Let's consider the following Song model, it has a title that can be translated and a status which is only used to affect the visibility of the song in the front end. Fixtures for a couple of Songs would look like this:
# test/fixtures/songs.yml
one:
id: 1
status: "published"
two:
id: 2
status: "draft"
The id is usually not specified in fixtures but here it becomes necessary so that we're sure which identifier to use when pointing translated records.
The Mobility implementation will store any translated titles at mobility_string_translations the following can be added to test/fixtures/mobility/string_translations.yml:
# test/fixtures/mobility/string_translations.yml
song_one_en:
translatable_id: 1
translatable_type: "Song"
key: "title"
value: "Maçaranduba Wood"
locale: "en"
created_at: <%= Time.now %>
updated_at: <%= Time.now %>
song_one_pt:
translatable_id: 1
translatable_type: "Song"
key: "title"
value: "Madeira de Maçaranduba"
locale: "pt"
created_at: <%= Time.now %>
updated_at: <%= Time.now %>
song_two_en:
translatable_id: 2
translatable_type: "Song"
key: "title"
value: "Dona Maria from Camboatá"
locale: "en"
created_at: <%= Time.now %>
updated_at: <%= Time.now %>
song_two_pt:
translatable_id: 2
translatable_type: "Song"
key: "title"
value: "Dona Maria do Camboatá"
locale: "pt"
created_at: <%= Time.now %>
updated_at: <%= Time.now %>
Each song includes a title for English and Portuguese in this case but any locales the record is going to make use of or need to be tested can be included here, in an individual record.
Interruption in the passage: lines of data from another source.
(* Let $\mathbb{C}$ be a partial category, $f:A\to B$ a morphism and $V\le B$. Let $m=\mathrm{id}_B{\downarrow}V:V\to B$ and $m'=\mathrm{id}_A{\downarrow}(A{\uparrow}_fV):A{\uparrow}_fV\to A$. Then the square with sides $f{\uparrow}V:A{\uparrow}_fV\to V$, $m$, $m'$ and $f$ commutes, i.e. $(f{\uparrow}V)m=m'f$, and is a pullback diagram.
   Context: Composition is diagrammatic ($fg$ = first $f$ then $g$). A partial category is a category with a partial order $\le$ on objects, a restriction operator assigning to $U\le A$ and $f:A\to B$ a morphism $f{\downarrow}U:U\to B$, and a contraction operator assigning to $V\le B$ and $f:A\to B$ an object $A{\uparrow}_fV\le A$ and a morphism $f{\uparrow}V:A{\uparrow}_fV\to V$, satisfying: (P.1) $f{\downarrow}A=f$; (P.2) $(f{\downarrow}U){\downarrow}V=f{\downarrow}V$ for $V\le U\le A$; (P.3) $(f{\downarrow}U)g=(fg){\downarrow}U$ for $g:B\to C$; (P.4) $A{\uparrow}_fB=A$ and $f{\uparrow}B=f$; (P.4') $A{\uparrow}_{\mathrm{id}_A}U=U$ and $\mathrm{id}_A{\uparrow}U=\mathrm{id}_U$ for $U\le A$; (P.5) for $W\le V\le B$: $(A{\uparrow}_fV){\uparrow}_{f{\uparrow}V}W=A{\uparrow}_fW$ and $(f{\uparrow}V){\uparrow}W=f{\uparrow}W$; (P.6) for $g:B\to C$, $W\le C$: $A{\uparrow}_f(B{\uparrow}_gW)=A{\uparrow}_{fg}W$ and $(f{\uparrow}(B{\uparrow}_gW))(g{\uparrow}W)=(fg){\uparrow}W$; (P.7) for $V\le B$: $(A{\uparrow}_fV){\uparrow}_{f{\downarrow}(A{\uparrow}_fV)}V=A{\uparrow}_fV$ and $(f{\downarrow}(A{\uparrow}_fV)){\uparrow}V=f{\uparrow}V$; (P.8) for $g:B\to C$, $V\le B$: $(fg){\downarrow}(A{\uparrow}_fV)=(f{\uparrow}V)(g{\downarrow}V)$. *)

(* Partial categories, presented single-sorted (arrows-only):
   one type of morphisms with dom/cod, composition total but only
   constrained on composable pairs; restriction/contraction total as
   functions but constrained (typed) only where the paper defines them. *)

Record PartialCategory := {
  Ob : Type;
  Mor : Type;
  dom : Mor -> Ob;
  cod : Mor -> Ob;
  idm : Ob -> Mor;
  (* diagrammatic composition: comp f g = "fg" = first f then g *)
  comp : Mor -> Mor -> Mor;
  le : Ob -> Ob -> Prop;
  res : Mor -> Ob -> Mor;      (* res f U = f↓U *)
  cobj : Mor -> Ob -> Ob;      (* cobj f V = A↑_f V *)
  cmor : Mor -> Ob -> Mor;     (* cmor f V = f↑V *)

  dom_id : forall A, dom (idm A) = A;
  cod_id : forall A, cod (idm A) = A;
  dom_comp : forall f g, cod f = dom g -> dom (comp f g) = dom f;
  cod_comp : forall f g, cod f = dom g -> cod (comp f g) = cod g;
  id_comp : forall f, comp (idm (dom f)) f = f;
  comp_id : forall f, comp f (idm (cod f)) = f;
  comp_assoc : forall f g h, cod f = dom g -> cod g = dom h ->
    comp (comp f g) h = comp f (comp g h);

  le_refl : forall A, le A A;
  le_trans : forall A B C, le A B -> le B C -> le A C;
  le_antisym : forall A B, le A B -> le B A -> A = B;

  dom_res : forall f U, le U (dom f) -> dom (res f U) = U;
  cod_res : forall f U, le U (dom f) -> cod (res f U) = cod f;
  cobj_le : forall f V, le V (cod f) -> le (cobj f V) (dom f);
  dom_cmor : forall f V, le V (cod f) -> dom (cmor f V) = cobj f V;
  cod_cmor : forall f V, le V (cod f) -> cod (cmor f V) = V;

  P1 : forall f, res f (dom f) = f;
  P2 : forall f U V, le V U -> le U (dom f) -> res (res f U) V = res f V;
  P3 : forall f g U, le U (dom f) -> cod f = dom g ->
    comp (res f U) g = res (comp f g) U;
  P4_obj : forall f, cobj f (cod f) = dom f;
  P4_mor : forall f, cmor f (cod f) = f;
  P4'_obj : forall A U, le U A -> cobj (idm A) U = U;
  P4'_mor : forall A U, le U A -> cmor (idm A) U = idm U;
  P5_obj : forall f V W, le W V -> le V (cod f) ->
    cobj (cmor f V) W = cobj f W;
  P5_mor : forall f V W, le W V -> le V (cod f) ->
    cmor (cmor f V) W = cmor f W;
  P6_obj : forall f g W, cod f = dom g -> le W (cod g) ->
    cobj f (cobj g W) = cobj (comp f g) W;
  P6_mor : forall f g W, cod f = dom g -> le W (cod g) ->
    comp (cmor f (cobj g W)) (cmor g W) = cmor (comp f g) W;
  P7_obj : forall f V, le V (cod f) ->
    cobj (res f (cobj f V)) V = cobj f V;
  P7_mor : forall f V, le V (cod f) ->
    cmor (res f (cobj f V)) V = cmor f V;
  P8 : forall f g V, cod f = dom g -> le V (dom g) ->
    res (comp f g) (cobj f V) = comp (cmor f V) (res g V)
}.

Arguments dom {_}. Arguments cod {_}. Arguments idm {_}. Arguments comp {_}.
Arguments le {_}. Arguments res {_}. Arguments cobj {_}. Arguments cmor {_}.

(* The commutative square
       P --h--> X
       |        |
       k        m
       v        v
       Y --g--> Z
   (h m = k g) is a pullback. *)
Definition is_pullback (C : PartialCategory) (h k m g : Mor C) : Prop :=
  dom h = dom k /\ cod h = dom m /\ cod k = dom g /\ cod m = cod g /\
  comp h m = comp k g /\
  forall x y : Mor C,
    dom x = dom y -> cod x = dom m -> cod y = dom g ->
    comp x m = comp y g ->
    exists! u : Mor C,
      cod u = dom h /\ dom u = dom x /\ comp u h = x /\ comp u k = y.

(* The square is a pullback because contraction along [f] computes it: a cone
   (x : X -> V, y : X -> A) with x m = y f factors through [A↑_f V] as
   y↑(A↑_f V).  By P.6, contracting y along A↑_f V and then f along V is the
   same as contracting the composite x m along V, and contracting x m along
   V just strips the inclusion m off again (P.7 with P.4').  P.8 then shows
   that the factorisation followed by m' gives back y, and uniqueness is the
   same stripping argument applied to u m'. *)


Section Inclusions.

Context {C : PartialCategory}.
Implicit Types (A U : Ob C) (f u : Mor C).

Lemma dom_res_id A U : le U A -> dom (res (idm A) U) = U.
Proof. intro hU. apply dom_res. rewrite dom_id. exact hU. Qed.

Lemma cod_res_id A U : le U A -> cod (res (idm A) U) = A.
Proof. intro hU. rewrite cod_res by (rewrite dom_id; exact hU). apply cod_id. Qed.

Lemma res_id_comp f U : le U (dom f) -> comp (res (idm (dom f)) U) f = res f U.
Proof.
  intro hU.
  rewrite P3 by (rewrite ?dom_id, ?cod_id; auto).
  rewrite id_comp. reflexivity.
Qed.

Lemma res_cobj f U :
  le U (cod f) -> res f (cobj f U) = comp (cmor f U) (res (idm (cod f)) U).
Proof.
  intro hU.
  rewrite <- P8 by (rewrite ?dom_id; auto).
  rewrite comp_id. reflexivity.
Qed.

Lemma cobj_res_id A U : le U A -> cobj (res (idm A) U) U = U.
Proof.
  intro hU. assert (hU' : le U (cod (idm A))) by (rewrite cod_id; exact hU).
  pose proof (P7_obj C (idm A) U hU') as E.
  rewrite P4'_obj in E by exact hU. exact E.
Qed.

Lemma cmor_res_id A U : le U A -> cmor (res (idm A) U) U = idm U.
Proof.
  intro hU. assert (hU' : le U (cod (idm A))) by (rewrite cod_id; exact hU).
  pose proof (P7_mor C (idm A) U hU') as E.
  rewrite !P4'_obj, P4'_mor in E by exact hU. exact E.
Qed.

Lemma cobj_comp_res_id u A U :
  cod u = U -> le U A -> cobj (comp u (res (idm A) U)) U = dom u.
Proof.
  intros hu hU.
  rewrite <- P6_obj by (rewrite ?dom_res_id, ?cod_res_id; auto).
  rewrite cobj_res_id, <- hu by exact hU. apply P4_obj.
Qed.

Lemma cmor_comp_res_id u A U :
  cod u = U -> le U A -> cmor (comp u (res (idm A) U)) U = u.
Proof.
  intros hu hU.
  rewrite <- P6_mor by (rewrite ?dom_res_id, ?cod_res_id; auto).
  rewrite cobj_res_id, cmor_res_id, <- hu by exact hU.
  rewrite P4_mor. apply comp_id.
Qed.

End Inclusions.

Section ContractionSquare.

Context {C : PartialCategory} (f : Mor C) (V : Ob C).
Hypothesis hV : le V (cod f).

Let A' := cobj f V.
Let m := res (idm (cod f)) V.
Let m' := res (idm (dom f)) A'.

Lemma cobj_le_dom : le A' (dom f).
Proof. exact (cobj_le C f V hV). Qed.

Lemma contraction_square_comm : comp (cmor f V) m = comp m' f.
Proof.
  unfold m, m'. rewrite res_id_comp by exact cobj_le_dom.
  symmetry. apply res_cobj. exact hV.
Qed.

Lemma contraction_square_factor (x y : Mor C) :
  cod x = V -> cod y = dom f -> comp x m = comp y f ->
  cobj y A' = dom x /\ comp (cmor y A') (cmor f V) = x.
Proof.
  intros hx hy hxy. unfold A'. split.
  - rewrite P6_obj, <- hxy by auto. apply cobj_comp_res_id; auto.
  - rewrite P6_mor, <- hxy by auto. apply cmor_comp_res_id; auto.
Qed.

Lemma contraction_square_factor_unique (u : Mor C) :
  cod u = A' -> cmor (comp u m') A' = u.
Proof. intro hu. apply cmor_comp_res_id; [exact hu | exact cobj_le_dom]. Qed.

Lemma contraction_square_factor_res (y : Mor C) :
  cod y = dom f -> comp (cmor y A') m' = res y (cobj y A').
Proof.
  intro hy. unfold m'. rewrite <- hy.
  symmetry. apply res_cobj. rewrite hy. exact cobj_le_dom.
Qed.

End ContractionSquare.

Theorem lemma10p10 (C : PartialCategory) (f : Mor C) (V : Ob C)
  (hV : le V (cod f)) :
  comp (cmor f V) (res (idm (cod f)) V)
    = comp (res (idm (dom f)) (cobj f V)) f
  /\ is_pullback C (cmor f V) (res (idm (dom f)) (cobj f V))
                   (res (idm (cod f)) V) f.
Proof.
  pose proof (cobj_le_dom f V hV) as hA'.
  pose proof (contraction_square_comm f V hV) as Hcomm.
  split; [exact Hcomm |].
  unfold is_pullback.
  rewrite dom_cmor, cod_cmor, !dom_res_id, !cod_res_id by auto.
  do 4 (split; [reflexivity |]). split; [exact Hcomm |].
  intros x y hxy_dom hx hy hxy.
  destruct (contraction_square_factor f V hV x y hx hy hxy) as [Hdom Hx].
  exists (cmor y (cobj f V)). repeat split.
  - apply cod_cmor. rewrite hy. exact hA'.
  - rewrite dom_cmor by (rewrite hy; exact hA'). exact Hdom.
  - exact Hx.
  - rewrite (contraction_square_factor_res f V hV y hy), Hdom, hxy_dom. apply P1.
  - intros u (hu & _ & _ & Hu). rewrite <- Hu.
    apply contraction_square_factor_unique; assumption.
Qed.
The important aspect here is that all translatable_type columns are explicit string types.
For example, do "Song", instead of Song when adding a value to the property.
Setting up fixtures with this method associates translated properties to a record and enables them to be accessed in a test.
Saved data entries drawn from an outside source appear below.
Lemma lienard_of_solution (r : R -> R) s : solves_at delta r s -> lo < r s < hi ->
  let y := fun s => Derive r s + RInt delta lo (clamp lo hi (r s)) in
  is_derive r s (lienard_x delta lo hi (r s) (y s)) /\
  is_derive y s (lienard_y lo hi (r s) (y s)).
Proof.
  intros [P [E1 [E2 Eq]]] Hb y. unfold lienard_x, lienard_y, y.
  rewrite clamp_id by lra. split.
  - replace (Derive r s + RInt delta lo (r s) - RInt delta lo (r s)) with (Derive r s) by ring.
    apply Derive_correct, E1.
  - assert (Hc : continuous r s) by apply (ex_derive_continuous (V := R_NormedModule)), E1.
    assert (L : locally s (fun s' => clamp lo hi (r s') = r s')).
    { destruct (proj1 (continuous_eps r s) Hc (Rmin (r s - lo) (hi - r s))) as [d [Hd H]];
        [apply Rmin_pos; lra|].
      exists (mkposreal d Hd). intros x Hx. specialize (H x Hx).
      pose proof (Rmin_l (r s - lo) (hi - r s)); pose proof (Rmin_r (r s - lo) (hi - r s)).
      apply clamp_id. revert H; unfold Rabs; destruct Rcase_abs; intros; lra. }
    apply (is_derive_ext_loc (fun s => Derive r s + RInt delta lo (r s))).
    { eapply filter_imp; [|exact L]. intros x Hx. simpl. rewrite Hx. reflexivity. }
    replace (- / (r s ^ 2)) with (plus (Derive (Derive r) s) (scal (Derive r s) (delta (r s))))
      by (rewrite <- Eq; unfold plus, scal; simpl; unfold mult; simpl; ring).
    apply (is_derive_plus (Derive r) (fun s => RInt delta lo (r s))); [apply Derive_correct, E2|].
    apply (is_derive_comp (RInt delta lo) r); [apply is_derive_RInt_delta; lra|apply Derive_correct, E1].
Qed.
For example, to change the title of a song, the record can be brought into the test in a setup block and the title translations will be available and can be modified:
# test/controllers/song_controller_test.rb
require "test_helper"
class SongControllerTest < ActionDispatch::IntegrationTest
setup do
#song = songs(:one)
end
test "admin can edit a song" do
# Keeps a copy of the original record for comparison.
current_record = #song
# Passes the locale to the request helper to keep it from getting confused with the record id.
# Changes the title of the record.
patch song_url(I18n.locale, #song, { song: { title_en: 'Updated Song Title' } })
# Retrieves the same record to be used for comparison.
updated_record = Song.find(#song.id)
# Checks that a change actually occurred.
assert current_record.updated_at != updated_record.updated_at
# Checks that the list of songs is being displayed to the user.
assert_redirected_to songs_path
end
end
To make sure that the fixture has setup the association bettween the model and the translated records, the debugger method can be used. Start by adding it as a breakpoint to your test logic, in this case I'm going to use the example above:
# test/controllers/song_controller_test.rb
test "admin can edit a song" do
current_record = #song
patch song_url(I18n.locale, #song, { song: { title_en: 'Updated Song Title' } })
updated_record = Song.find(#song.id)
debugger # <-- The script will pause here.
assert current_record.updated_at != updated_record.updated_at
assert_redirected_to songs_path
end
Then the test can be run, bin/rails test would work but in this example the command to run just the tests for this file would be:
bin/rails test test/controllers/role_controller_test.rb
The output in the terminal will look similar to this, the program will be paused at this point and it is interactive:
bin/rails test test/controllers/song_controller_test.rb
Running 26 tests in a single process (parallelization threshold is 50)
Run options: --seed 56548
# Running:
.............[64, 73] in ~/Projects/rails_app/test/controllers/song_controller_test.rb
64|
65| current_record = #song
66| patch song_url(I18n.locale, #song, { song: { title_en: 'Updated Song Title' } })
67| updated_record = Song.find(#song.id)
68|
=> 69| debugger # <-- The script will pause here.
70|
71| # Checks that a change actually occurred.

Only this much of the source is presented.